What is being asked — Check each line below for the word "Datatypes" and give the number of lines that have it, nothing more.
── Data to process ──
Lemma prefix_count_dirs_of_seq (b : bool) s t : size s = (n + n)%N -> (t <= n + n)%N ->
  prefix_count (fun u => dirs_of_seq s u == b) t = count (pred1 b) (take t s).
Proof.
move=> size_s; elim: t => [|t IHt] le_t; first by rewrite prefix_count0 take0.
rewrite (prefix_countS _ (Ordinal le_t)) IHt ?(ltnW le_t) //.
rewrite (take_nth false) ?size_s // -cats1 count_cat /dirs_of_seq ffunE /=.
by rewrite addn0.
Qed.

Lemma p1_dirs_of_seq s t : size s = (n + n)%N -> (t <= n + n)%N ->
  p1 (dirs_of_seq s) t = count id (take t s).
Proof.
move=> size_s le_t; rewrite -(eq_count (a1 := pred1 true)); last by case.
by rewrite -prefix_count_dirs_of_seq //; apply: eq_bigl => u; rewrite eqb_id.
Qed.

Lemma p2_dirs_of_seq s t : size s = (n + n)%N -> (t <= n + n)%N ->
  p2 (dirs_of_seq s) t = count negb (take t s).
Proof.
move=> size_s le_t; rewrite -(eq_count (a1 := pred1 false)); last by case.
by rewrite -prefix_count_dirs_of_seq //; apply: eq_bigl => u; rewrite eqbF_neg.
Qed.

Lemma dirs_of_seq_dirs s : size s = (n + n)%N -> count id s = n -> dirs_of_seq s \in dirs n.
Proof.
move=> size_s count_s; rewrite inE.
have <- : p1 (dirs_of_seq s) (n + n) = (\sum_(u < n + n | dirs_of_seq s u) 1)%N.
  exact: prefix_count_total.
by rewrite p1_dirs_of_seq // -size_s take_size count_s.
Qed.

Lemma pi0_dirs : pi0 n \in dirs n.
Proof.
rewrite inE (eq_bigl (fun u : 'I_(n + n) => (u < n)%N)); last by move=> u; rewrite ffunE.
rewrite -(big_ord_widen _ (fun _ => 1%N)) ?leq_addr //.
by rewrite -[X in _ == X]card_ord -sum1_card; apply/eqP/eq_bigl => v; rewrite inE.
Qed.

End Staircase.

Lemma nondecreasing_inord (R : realType) (n : nat) (a : 'I_n.+1 -> R) :
  (forall i j : 'I_n.+1, (i <= j)%N -> a i <= a j) ->
  forall m m', (m <= m')%N -> (m' <= n)%N -> a (inord m) <= a (inord m').
Proof. by move=> a_homo m m' le_mm' le_m'n; apply: a_homo; rewrite !inordK //; lia. Qed.

Lemma vtx_inord (R : realType) (n : nat) (a : 'I_n.+1 -> R) j m : (m <= n)%N ->
  vtx a j (inord m) = a (inord (minn m j)).
Proof.
move=> le_mn; rewrite /vtx inordK ?ltnS //.
by case: leqP => [le_mj | /ltnW le_jm]; rewrite ?inord_val ?(minn_idPl le_mj) ?(minn_idPr le_jm).
Qed.

Lemma inord_maxn_minn (R : realType) (n : nat) (a : 'I_n.+1 -> R) m (k : 'I_n.+1) :
  a (inord m) = a (inord (maxn m k)) + a (inord (minn m k)) - a k.
Proof. by case: leqP => _; rewrite inord_val; ring. Qed.

Lemma vtx_max (R : realType) (n : nat) (a : 'I_n.+1 -> R) j : vtx a j ord_max = a j.
Proof.
rewrite /vtx; case: leqP => // le_nj; congr a; apply/val_inj/eqP.
by rewrite eqn_leq le_nj -ltnS ltn_ord.
Qed.

Lemma sum_if (R : realType) (m : nat) (P : pred 'I_m) (F G : 'I_m -> R) :
  \sum_(u | P u) F u + \sum_(u | ~~ P u) G u = \sum_u (if P u then F u else G u).
Proof.
rewrite [RHS](bigID P) /=.
by congr (_ + _); apply: eq_bigr => u Pu; rewrite ?Pu ?(negbTE Pu).
Qed.

Section VertexValues.
Variables (R : realType) (n : nat) (a1 a2 : 'I_n.+1 -> R).
Hypothesis a1_homo : forall i j : 'I_n.+1, (i <= j)%N -> a1 i <= a1 j.
Hypothesis a2_homo : forall i j : 'I_n.+1, (i <= j)%N -> a2 i <= a2 j.
Implicit Types (pi : {ffun 'I_(n + n) -> bool}) (j k : 'I_n.+1).

Local Notation A1 m := (a1 (inord m)).
Local Notation A2 m := (a2 (inord m)).
(* Let $S\subset\mathbb R^2$ be a finite set of $n>4$ points, none of which lies at the center $O$ of SED$(S)$. If $S$ is Pre-regular, then the cyclic order of the points of $S$ around $O$ coincides with the cyclic order of the points of $S$ around the center of the supporting polygon of $S$.
   Context: SED$(S)$ is the smallest closed disk containing $S$, SEC$(S)$ its boundary circle, and $O$ its center. $S$ is \emph{Pre-regular} if there is a regular $n$-gon $P$ (the supporting polygon) such that for every pair of adjacent edges of $P$, one of the two edges contains exactly two points of $S$ (possibly at its endpoints) and the relative interior of the other edge contains no point of $S$. *)

From Stdlib Require Import Reals List.
Import ListNotations.
Open Scope R_scope.

Definition point : Type := (R * R)%type.

Definition dist2 (p q : point) : R :=
  (fst p - fst q) ^ 2 + (snd p - snd q) ^ 2.

Definition is_SED_center (S : list point) (O : point) : Prop :=
  exists r : R, 0 <= r /\
    (forall p, In p S -> dist2 O p <= r * r) /\
    (forall (c : point) (r' : R), 0 <= r' ->
        (forall p, In p S -> dist2 c p <= r' * r') -> r <= r').

(* k-th vertex of the regular n-gon with center C, circumradius Rad, phase phi. *)
Definition vtx (C : point) (Rad phi : R) (n k : nat) : point :=
  (fst C + Rad * cos (phi + 2 * PI * INR k / INR n),
   snd C + Rad * sin (phi + 2 * PI * INR k / INR n)).

Definition on_segment (u v p : point) : Prop :=
  exists t : R, 0 <= t <= 1 /\
    p = (fst u + t * (fst v - fst u), snd u + t * (snd v - snd u)).

Definition on_open_segment (u v p : point) : Prop :=
  exists t : R, 0 < t < 1 /\
    p = (fst u + t * (fst v - fst u), snd u + t * (snd v - snd u)).

(* edge k of the polygon is [vtx k, vtx (k+1)] (indices mod n, by periodicity) *)
Definition edge_has_exactly_two (S : list point) (C : point) (Rad phi : R)
    (n k : nat) : Prop :=
  exists p q, In p S /\ In q S /\ p <> q /\
    on_segment (vtx C Rad phi n k) (vtx C Rad phi n (Datatypes.S k)) p /\
    on_segment (vtx C Rad phi n k) (vtx C Rad phi n (Datatypes.S k)) q /\
    (forall x, In x S ->
       on_segment (vtx C Rad phi n k) (vtx C Rad phi n (Datatypes.S k)) x ->
       x = p \/ x = q).

Definition edge_relint_empty (S : list point) (C : point) (Rad phi : R)
    (n k : nat) : Prop :=
  forall x, In x S ->
    ~ on_open_segment (vtx C Rad phi n k) (vtx C Rad phi n (Datatypes.S k)) x.

Definition supporting_polygon (S : list point) (C : point) (Rad phi : R) : Prop :=
  0 < Rad /\
  forall k : nat, (k < length S)%nat ->
    (edge_has_exactly_two S C Rad phi (length S) k /\
     edge_relint_empty S C Rad phi (length S) (Datatypes.S k)) \/
    (edge_has_exactly_two S C Rad phi (length S) (Datatypes.S k) /\
     edge_relint_empty S C Rad phi (length S) k).

Definition pre_regular (S : list point) : Prop :=
  exists C Rad phi, supporting_polygon S C Rad phi.

(* Strict counterclockwise cyclic order around X: sweeping counterclockwise
   around X starting from the direction of a, one meets the direction of b
   strictly before the direction of c (and strictly after a). *)
Definition ccw_between (X a b c : point) : Prop :=
  exists ta tb tc ra rb rc : R,
    0 < ra /\ 0 < rb /\ 0 < rc /\
    a = (fst X + ra * cos ta, snd X + ra * sin ta) /\
    b = (fst X + rb * cos tb, snd X + rb * sin tb) /\
    c = (fst X + rc * cos tc, snd X + rc * sin tc) /\
    ta < tb /\ tb < tc /\ tc < ta + 2 * PI.

(* Let P be the supporting polygon, with center C.  First, every point of S
   lies on the boundary of P: the n half-open edges are disjoint, and the
   condition on adjacent edges puts at least one point of S on every half-open
   edge, except that an empty one is preceded by a half-open edge with two
   points; so the boundary already carries all n points.

   Second, the center O of the smallest enclosing disk lies in the interior of
   P.  If O were outside an edge line, or on it with no point of S at one of the
   two ends of the diameter along that line, O could be moved so that every
   point of S gets strictly closer, contradicting minimality.  Otherwise the
   diameter along the edge line lies inside that edge, and since n >= 5, a point
   of S on the edge two or three steps further lies outside the disk.

   Finally, for three points on the boundary of a convex polygon, the cyclic
   order seen from an interior point is determined by the orientation of the
   triangle they span, or, when they are collinear on one edge line, by their
   order along that line; it is therefore the same from O and from C. *)

From Stdlib Require Import Reals List Lra Lia ZArith Classical ClassicalEpsilon.

Open Scope nat_scope.

(** * Sums of natural numbers *)

Fixpoint nat_sum (f : nat -> nat) (n : nat) : nat :=
  match n with 0 => 0 | S m => nat_sum f m + f m end.

Lemma nat_sum_le f g n : (forall j, j < n -> f j <= g j) -> nat_sum f n <= nat_sum g n.
Proof.
  induction n as [|n IH]; simpl; intros H; [lia|].
  pose proof (H n (Nat.lt_succ_diag_r n)).
  assert (nat_sum f n <= nat_sum g n) by (apply IH; intros j Hj; apply H; lia).
  lia.
Qed.

Lemma nat_sum_ext f g n : (forall j, j < n -> f j = g j) -> nat_sum f n = nat_sum g n.
Proof. intros H; apply Nat.le_antisymm; apply nat_sum_le; intros j Hj; rewrite H; auto. Qed.

Lemma nat_sum_add f g n : nat_sum (fun j => f j + g j) n = nat_sum f n + nat_sum g n.
Proof. induction n; simpl; lia. Qed.

Lemma nat_sum_shift f n : nat_sum (fun j => f (S j)) n + f 0 = nat_sum f n + f n.
Proof. induction n; simpl; lia. Qed.

Lemma nat_sum_const0 n : nat_sum (fun _ => 0) n = 0.
Proof. induction n; simpl; lia. Qed.

Lemma nat_sum_const1 n : nat_sum (fun _ => 1) n = n.
Proof. induction n; simpl; lia. Qed.

(* Charge each zero entry to its predecessor, which is at least 2. *)
Lemma cyclic_nat_sum_ge (c : nat -> nat) n : 1 <= n -> c n = c 0 ->
  (forall j, 1 <= j <= n -> 1 <= c j \/ (c j = 0 /\ 2 <= c (j - 1))) ->
  n <= nat_sum c n.
Proof.
  intros Hn Hper Hloc.
  set (z := fun j => if Nat.eqb (c j) 0 then 1 else 0).
  set (w := fun j => if Nat.leb 2 (c j) then 1 else 0).
  assert (H1 : nat_sum (fun j => 1 + w j) n <= nat_sum (fun j => c j + z j) n).
  { apply nat_sum_le; intros j _; unfold z, w; destruct (c j) as [|[|k]]; simpl; lia. }
  rewrite !nat_sum_add, nat_sum_const1 in H1.
  assert (H2 : nat_sum (fun j => z (S j)) n <= nat_sum w n).
  { apply nat_sum_le; intros j Hj; unfold z, w.
    destruct (Hloc (S j)) as [A|[A B]]; [lia| |].
    - destruct (Nat.eqb_spec (c (S j)) 0); [lia|]; destruct (Nat.leb 2 (c j)); lia.
    - rewrite A; replace (S j - 1) with j in B by lia.
      destruct (Nat.leb_spec 2 (c j)); simpl; lia. }
  pose proof (nat_sum_shift z n).
  assert (z n = z 0) by (unfold z; rewrite Hper; auto).
  lia.
Qed.

Lemma nat_sum_indicator_le1 {A} (b : nat -> A -> bool) (x : A) n :
  (forall j1 j2, j1 < n -> j2 < n -> b j1 x = true -> b j2 x = true -> j1 = j2) ->
  nat_sum (fun j => if b j x then 1 else 0) n <= 1.
Proof.
  induction n as [|m IH]; simpl; intros H; [lia|].
  destruct (b m x) eqn:E.
  - assert (nat_sum (fun j => if b j x then 1 else 0) m = 0); [|lia].
    rewrite (nat_sum_ext _ (fun _ => 0)); [apply nat_sum_const0|].
    intros j Hj; destruct (b j x) eqn:E2; auto.
    specialize (H j m ltac:(lia) ltac:(lia) E2 E); lia.
  - rewrite Nat.add_0_r; apply IH; intros; apply H; auto; lia.
Qed.

Lemma filter_length_cons {A} (f : A -> bool) x L :
  length (filter f (x :: L)) = (if f x then 1 else 0) + length (filter f L).
Proof. simpl; destruct (f x); reflexivity. Qed.

Section DisjointFilters.

Context {A : Type} (b : nat -> A -> bool) (n : nat).

Definition filters_disjoint_on (L : list A) : Prop :=
  forall x, In x L -> forall j1 j2, j1 < n -> j2 < n -> b j1 x = true -> b j2 x = true -> j1 = j2.

Lemma nat_sum_filter_length_le L : filters_disjoint_on L ->
  nat_sum (fun j => length (filter (b j) L)) n <= length L.
Proof.
  induction L as [|x L IH]; intros H.
  - rewrite (nat_sum_ext _ (fun _ => 0)) by auto; rewrite nat_sum_const0; simpl; lia.
  - rewrite (nat_sum_ext _ (fun j => (if b j x then 1 else 0) + length (filter (b j) L)))
      by (intros; apply filter_length_cons).
    rewrite nat_sum_add; simpl.
    pose proof (nat_sum_indicator_le1 b x n (H x (or_introl eq_refl))).
    assert (nat_sum (fun j => length (filter (b j) L)) n <= length L)
      by (apply IH; intros y Hy; apply H; right; exact Hy).
    lia.
Qed.

Lemma nat_sum_filter_length_lt L x : filters_disjoint_on L -> In x L ->
  (forall j, j < n -> b j x = false) ->
  nat_sum (fun j => length (filter (b j) L)) n < length L.
Proof.
  intros H Hx Hnone; destruct (in_split x L Hx) as (L1 & L2 & ->).
  rewrite (nat_sum_ext _ (fun j => length (filter (b j) L1) + length (filter (b j) L2))).
  2: { intros j Hj; rewrite filter_app, length_app, filter_length_cons, Hnone by auto; lia. }
  rewrite nat_sum_add, length_app; simpl.
  assert (nat_sum (fun j => length (filter (b j) L1)) n <= length L1)
    by (apply nat_sum_filter_length_le; intros y Hy; apply H, in_or_app; left; exact Hy).
  assert (nat_sum (fun j => length (filter (b j) L2)) n <= length L2)
    by (apply nat_sum_filter_length_le; intros y Hy; apply H, in_or_app; right; right; exact Hy).
  lia.
Qed.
───
Output for this exercise — 6